--- Listed entries Enclosed Below ---

(* Every cograph has an hc-coloring.
   Context: All graphs are finite, simple and undirected. A (proper vertex) coloring of $G=(V,E)$ is a surjective map $\sigma:V\to S$ with $\sigma(x)\neq\sigma(y)$ whenever $xy\in E$. A cograph is a graph that is $K_1$, or a disjoint union of cographs, or a join of cographs. A cotree $(T,t)$ of a cograph $G$ is a rooted tree $T$ with leaf set $V$ and a labeling $t:V^0(T)\to\{0,1\}$ of its inner vertices such that for every inner vertex $u$, $G(u):=G[L(T(u))]$ (with $L(T(u))$ the leaves descending from $u$) is the disjoint union (if $t(u)=0$) or the join (if $t(u)=1$) of the graphs $G(v)$, $v$ a child of $u$. It is binary if every inner vertex has exactly two children. A coloring $\sigma$ is an hc-coloring with respect to a binary cotree $(T,t)$ if for every inner vertex $u$ with children $v_1,v_2$: if $t(u)=1$ then $\sigma(L(T(v_1)))\cap\sigma(L(T(v_2)))=\emptyset$, and if $t(u)=0$ then one of $\sigma(L(T(v_1)))$, $\sigma(L(T(v_2)))$ contains the other. A coloring of a cograph $G$ is an hc-coloring of $G$ if it is an hc-coloring with respect to some binary cotree of $G$. *)

(* A simple graph is a symmetric irreflexive relation e on a finType V. *)
From mathcomp Require Import all_boot.
Set Implicit Arguments. Unset Strict Implicit. Unset Printing Implicit Defensive.

Section Cographs.
Variable V : finType.
Variable e : rel V.

Inductive cograph_set : {set V} -> Prop :=
| cograph_K1 (x : V) : cograph_set [set x]
| cograph_union (B C : {set V}) :
    [disjoint B & C] -> cograph_set B -> cograph_set C ->
    (forall x y, x \in B -> y \in C -> ~~ e x y) ->
    cograph_set (B :|: C)
| cograph_join (B C : {set V}) :
    [disjoint B & C] -> cograph_set B -> cograph_set C ->
    (forall x y, x \in B -> y \in C -> e x y) ->
    cograph_set (B :|: C).

Definition is_cograph : Prop := cograph_set [set: V].

(* Binary rooted trees with leaves labelled by vertices and inner vertices
   labelled by a bool (false = 0 = disjoint union, true = 1 = join). *)
Inductive btree : Type :=
| Leaf of V
| Node of bool & btree & btree.

Fixpoint leaves (t : btree) : seq V :=
  match t with
  | Leaf v => [:: v]
  | Node _ l r => leaves l ++ leaves r
  end.

Fixpoint cotree_ok (t : btree) : Prop :=
  match t with
  | Leaf _ => True
  | Node b l r =>
      (forall x y, x \in leaves l -> y \in leaves r -> e x y = b)
      /\ cotree_ok l /\ cotree_ok r
  end.

Definition binary_cotree (t : btree) : Prop :=
  uniq (leaves t) /\ (forall v : V, v \in leaves t) /\ cotree_ok t.

Definition coloring (S : eqType) (sigma : V -> S) : Prop :=
  (forall s : S, exists x, sigma x = s) /\
  (forall x y, e x y -> sigma x != sigma y).

Fixpoint hc_wrt (S : eqType) (sigma : V -> S) (t : btree) : Prop :=
  match t with
  | Leaf _ => True
  | Node b l r =>
      (if b then
         (forall x y, x \in leaves l -> y \in leaves r -> sigma x != sigma y)
       else
         {subset map sigma (leaves l) <= map sigma (leaves r)} \/
         {subset map sigma (leaves r) <= map sigma (leaves l)})
      /\ hc_wrt sigma l /\ hc_wrt sigma r
  end.

Definition hc_coloring (S : eqType) (sigma : V -> S) : Prop :=
  coloring sigma /\ exists t, binary_cotree t /\ hc_wrt sigma t.

End Cographs.

(* A binary cotree of the cograph is built by induction on its cograph
   structure. Colour it bottom-up: a leaf gets colour 0; at a join node the
   colours of the right subtree are shifted past those of the left one, so the
   two colour sets are disjoint, while at a union node both subtrees keep their
   colours. Each subtree then uses exactly an initial segment [0, n) of the
   naturals, so at a union node the smaller segment is contained in the larger
   one. Properness is automatic for any hc-colouring: the lowest common
   ancestor of two adjacent leaves is a join node. *)

From mathcomp Require Import all_boot.
Set Implicit Arguments. Unset Strict Implicit. Unset Printing Implicit Defensive.

Section HcColoring.
Variable V : finType.
Variable e : rel V.

Lemma hc_wrt_proper (S : eqType) (sigma : V -> S) t :
  symmetric e -> irreflexive e -> cotree_ok e t -> hc_wrt sigma t ->
  {in leaves t &, forall x y, e x y -> sigma x != sigma y}.
Proof.
move=> sym irr; elim: t => [v|b l IHl r IHr] /=.
  by move=> _ _ x y; rewrite !inE => /eqP -> /eqP ->; rewrite irr.
move=> [ok [okl okr]] [hc [hcl hcr]].
have cross x y : x \in leaves l -> y \in leaves r -> e x y -> sigma x != sigma y.
  by move=> xl yr exy; case: b ok hc => ok hc; [apply: hc | rewrite ok in exy].
move=> x y; rewrite !mem_cat.
case/orP=> [xl|xr]; case/orP=> [yl|yr] exy.
- exact: IHl.
- exact: cross.
- by rewrite eq_sym; apply: cross; rewrite // sym.
- exact: IHr.
Qed.

Lemma sub_map_inj (T1 T2 : eqType) (f : T1 -> T2) (s1 s2 : seq T1) :
  injective f -> {subset map f s1 <= map f s2} <-> {subset s1 <= s2}.
Proof.
move=> finj; split=> sub x; last by move=> /mapP [y /sub y2 ->]; apply: map_f.
by rewrite -!(mem_map finj); apply: sub.
Qed.

Lemma hc_wrt_inj (S1 S2 : eqType) (f : S1 -> S2) (s1 : V -> S1) (s2 : V -> S2) t :
  injective f -> {in leaves t, forall x, s2 x = f (s1 x)} ->
  hc_wrt s2 t <-> hc_wrt s1 t.
Proof.
move=> finj; elim: t => [v|b l IHl r IHr] //= hs.
have hsl : {in leaves l, forall x, s2 x = f (s1 x)}.
  by move=> x xl; apply: hs; rewrite mem_cat xl.
have hsr : {in leaves r, forall x, s2 x = f (s1 x)}.
  by move=> x xr; apply: hs; rewrite mem_cat xr orbT.
have map_s2 u : {in leaves u, forall x, s2 x = f (s1 x)} ->
    map s2 (leaves u) = map f (map s1 (leaves u)).
  by move=> hu; rewrite -map_comp; apply/eq_in_map.
have local : (if b then forall x y, x \in leaves l -> y \in leaves r -> s2 x != s2 y
              else {subset map s2 (leaves l) <= map s2 (leaves r)} \/
                   {subset map s2 (leaves r) <= map s2 (leaves l)}) <->
             (if b then forall x y, x \in leaves l -> y \in leaves r -> s1 x != s1 y
              else {subset map s1 (leaves l) <= map s1 (leaves r)} \/
                   {subset map s1 (leaves r) <= map s1 (leaves l)}).
  case: b; last first.
    rewrite !map_s2 //; have sm := sub_map_inj _ _ finj.
    by split=> -[/sm h | /sm h]; [left | right | left | right]; try exact/sm.
  by split=> h x y xl yr; move: (h x y xl yr); rewrite hsl // hsr // (inj_eq finj).
by split=> -[/local h [/(IHl hsl) hl /(IHr hsr) hr]].
Qed.

Fixpoint tree_ncol (t : btree V) : nat :=
  match t with
  | Leaf _ => 1
  | Node b l r =>
      if b then tree_ncol l + tree_ncol r else maxn (tree_ncol l) (tree_ncol r)
  end.

Fixpoint tree_col (t : btree V) : V -> nat :=
  match t with
  | Leaf _ => fun _ => 0
  | Node b l r => fun x =>
      if x \in leaves l then tree_col l x
      else (if b then tree_ncol l else 0) + tree_col r x
  end.

Lemma tree_col_lt t x : tree_col t x < tree_ncol t.
Proof.
elim: t x => [v|[] l IHl r IHr] x //=; case: ifP => _.
- exact: leq_trans (IHl x) (leq_addr _ _).
- by rewrite ltn_add2l.
- exact: leq_trans (IHl x) (leq_maxl _ _).
- exact: leq_trans (IHr x) (leq_maxr _ _).
Qed.

Lemma uniq_leaves_Node b (l r : btree V) :
  uniq (leaves (Node b l r)) -> uniq (leaves l) /\ uniq (leaves r).
Proof. by rewrite /= cat_uniq => /and3P [-> _ ->]. Qed.

Lemma tree_col_NodeR b l r x :
  uniq (leaves (Node b l r)) -> x \in leaves r ->
  tree_col (Node b l r) x = (if b then tree_ncol l else 0) + tree_col r x.
Proof. by rewrite cat_uniq => /and3P [_ /hasPn dis _] /dis /negbTE /= ->. Qed.

Lemma tree_col_surj t c :
  uniq (leaves t) -> c < tree_ncol t -> exists2 x, x \in leaves t & tree_col t x = c.
Proof.
elim: t c => [v|b l IHl r IHr] c ut.
  by rewrite ltnS leqn0 => /eqP ->; exists v; rewrite ?inE.
have [ul ur] := uniq_leaves_Node ut.
case: (ltnP c (tree_ncol l)) => [cl _ | lc cn].
  by have [x xl <-] := IHl c ul cl; exists x; rewrite /= ?mem_cat xl.
have ckr : c - (if b then tree_ncol l else 0) < tree_ncol r.
  by case: (b) cn => cn; [rewrite ltn_subLR // addnC | rewrite subn0;
    move: cn; rewrite leq_max ltnNge lc].
have [x xr hx] := IHr _ ur ckr.
exists x; first by rewrite mem_cat xr orbT.
by rewrite (tree_col_NodeR ut xr) hx subnKC //; case: (b).
Qed.

Lemma tree_col_image_sub t1 t2 :
  uniq (leaves t2) -> tree_ncol t1 <= tree_ncol t2 ->
  {subset map (tree_col t1) (leaves t1) <= map (tree_col t2) (leaves t2)}.
Proof.
move=> u2 le12 _ /mapP [w _ ->].
have [y yt <-] := tree_col_surj u2 (leq_trans (tree_col_lt t1 w) le12).
exact: map_f.
Qed.

Lemma hc_wrt_tcol t : uniq (leaves t) -> hc_wrt (tree_col t) t.
Proof.
elim: t => [v|b l IHl r IHr] // ut.
have [ul ur] := uniq_leaves_Node ut.
have hsl : {in leaves l, forall x, tree_col (Node b l r) x = tree_col l x}.
  by move=> x /= ->.
have hsr := tree_col_NodeR ut.
split; last split.
- case: b ut hsl hsr => ut hsl hsr.
    move=> x y xl yr; rewrite hsl // hsr // ltn_eqF //.
    exact: leq_trans (tree_col_lt _ _) (leq_addr _ _).
  have -> : map (tree_col (Node false l r)) (leaves l) = map (tree_col l) (leaves l).
    exact/eq_in_map.
  have -> : map (tree_col (Node false l r)) (leaves r) = map (tree_col r) (leaves r).
    exact/eq_in_map.
  by case: (leqP (tree_ncol l) (tree_ncol r)) => lr; [left | right; move/ltnW: lr];
    apply: tree_col_image_sub.
- exact: (hc_wrt_inj (@inj_id nat) hsl).2 (IHl ul).
- exact: (hc_wrt_inj (@addnI _) hsr).2 (IHr ur).
Qed.

Definition cotree_of (A : {set V}) (t : btree V) : Prop :=
  [/\ uniq (leaves t), leaves t =i A & cotree_ok e t].

Lemma cotree_of_Node b (B C : {set V}) tB tC :
  [disjoint B & C] -> cotree_of B tB -> cotree_of C tC ->
  (forall x y, x \in B -> y \in C -> e x y = b) ->
  cotree_of (B :|: C) (Node b tB tC).
Proof.
move=> dis [uB mB oB] [uC mC oC] cross; split=> /=.
- rewrite cat_uniq uB uC andbT /=; apply/hasPn => y; rewrite mC mB => yC.
  by rewrite (disjointFl dis yC).
- by move=> v; rewrite mem_cat inE mB mC.
- by split=> // x y; rewrite mB mC; apply: cross.
Qed.

Lemma cotree_of_cograph A : cograph_set e A -> exists t, cotree_of A t.
Proof.
elim=> [x | B C dis _ [tB hB] _ [tC hC] cross | B C dis _ [tB hB] _ [tC hC] cross].
- by exists (Leaf x); split=> // v; rewrite !inE.
- by exists (Node false tB tC); apply: cotree_of_Node => // x y xB yC;
    apply/negbTE/cross.
- by exists (Node true tB tC); apply: cotree_of_Node.
Qed.

End HcColoring.

Theorem corollary6 (V : finType) (e : rel V) :
  symmetric e -> irreflexive e -> is_cograph e ->
  exists (S : eqType) (sigma : V -> S), hc_coloring e sigma.
Proof.
move=> sym irr /cotree_of_cograph [t [ut mt ot]].
have allt v : v \in leaves t by rewrite mt inE.
pose sigma x : 'I_(tree_ncol t) := Ordinal (tree_col_lt t x).
have hc : hc_wrt sigma t.
  by apply/(hc_wrt_inj (s2 := tree_col t) val_inj)/hc_wrt_tcol.
exists 'I_(tree_ncol t), sigma; split; last by exists t.
split=> [c | x y].
- by have [x _ hx] := tree_col_surj ut (ltn_ord c); exists x; apply: val_inj.
- exact: hc_wrt_proper sym irr ot hc x y (allt x) (allt y).
Qed.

--- End of Enclosed Listed entries ---

About this exercise – Using the data above, transcribe the lines that run from the line with "- exact: IHl." to the line with "rewrite !map_s2 //;", both ends kept, and output nothing else.

Answer section –
- exact: IHl.
- exact: cross.
- by rewrite eq_sym; apply: cross; rewrite // sym.
- exact: IHr.
Qed.

Lemma sub_map_inj (T1 T2 : eqType) (f : T1 -> T2) (s1 s2 : seq T1) :
  injective f -> {subset map f s1 <= map f s2} <-> {subset s1 <= s2}.
Proof.
move=> finj; split=> sub x; last by move=> /mapP [y /sub y2 ->]; apply: map_f.
by rewrite -!(mem_map finj); apply: sub.
Qed.

Lemma hc_wrt_inj (S1 S2 : eqType) (f : S1 -> S2) (s1 : V -> S1) (s2 : V -> S2) t :
  injective f -> {in leaves t, forall x, s2 x = f (s1 x)} ->
  hc_wrt s2 t <-> hc_wrt s1 t.
Proof.
move=> finj; elim: t => [v|b l IHl r IHr] //= hs.
have hsl : {in leaves l, forall x, s2 x = f (s1 x)}.
  by move=> x xl; apply: hs; rewrite mem_cat xl.
have hsr : {in leaves r, forall x, s2 x = f (s1 x)}.
  by move=> x xr; apply: hs; rewrite mem_cat xr orbT.
have map_s2 u : {in leaves u, forall x, s2 x = f (s1 x)} ->
    map s2 (leaves u) = map f (map s1 (leaves u)).
  by move=> hu; rewrite -map_comp; apply/eq_in_map.
have local : (if b then forall x y, x \in leaves l -> y \in leaves r -> s2 x != s2 y
              else {subset map s2 (leaves l) <= map s2 (leaves r)} \/
                   {subset map s2 (leaves r) <= map s2 (leaves l)}) <->
             (if b then forall x y, x \in leaves l -> y \in leaves r -> s1 x != s1 y
              else {subset map s1 (leaves l) <= map s1 (leaves r)} \/
                   {subset map s1 (leaves r) <= map s1 (leaves l)}).
  case: b; last first.
    rewrite !map_s2 //; have sm := sub_map_inj _ _ finj.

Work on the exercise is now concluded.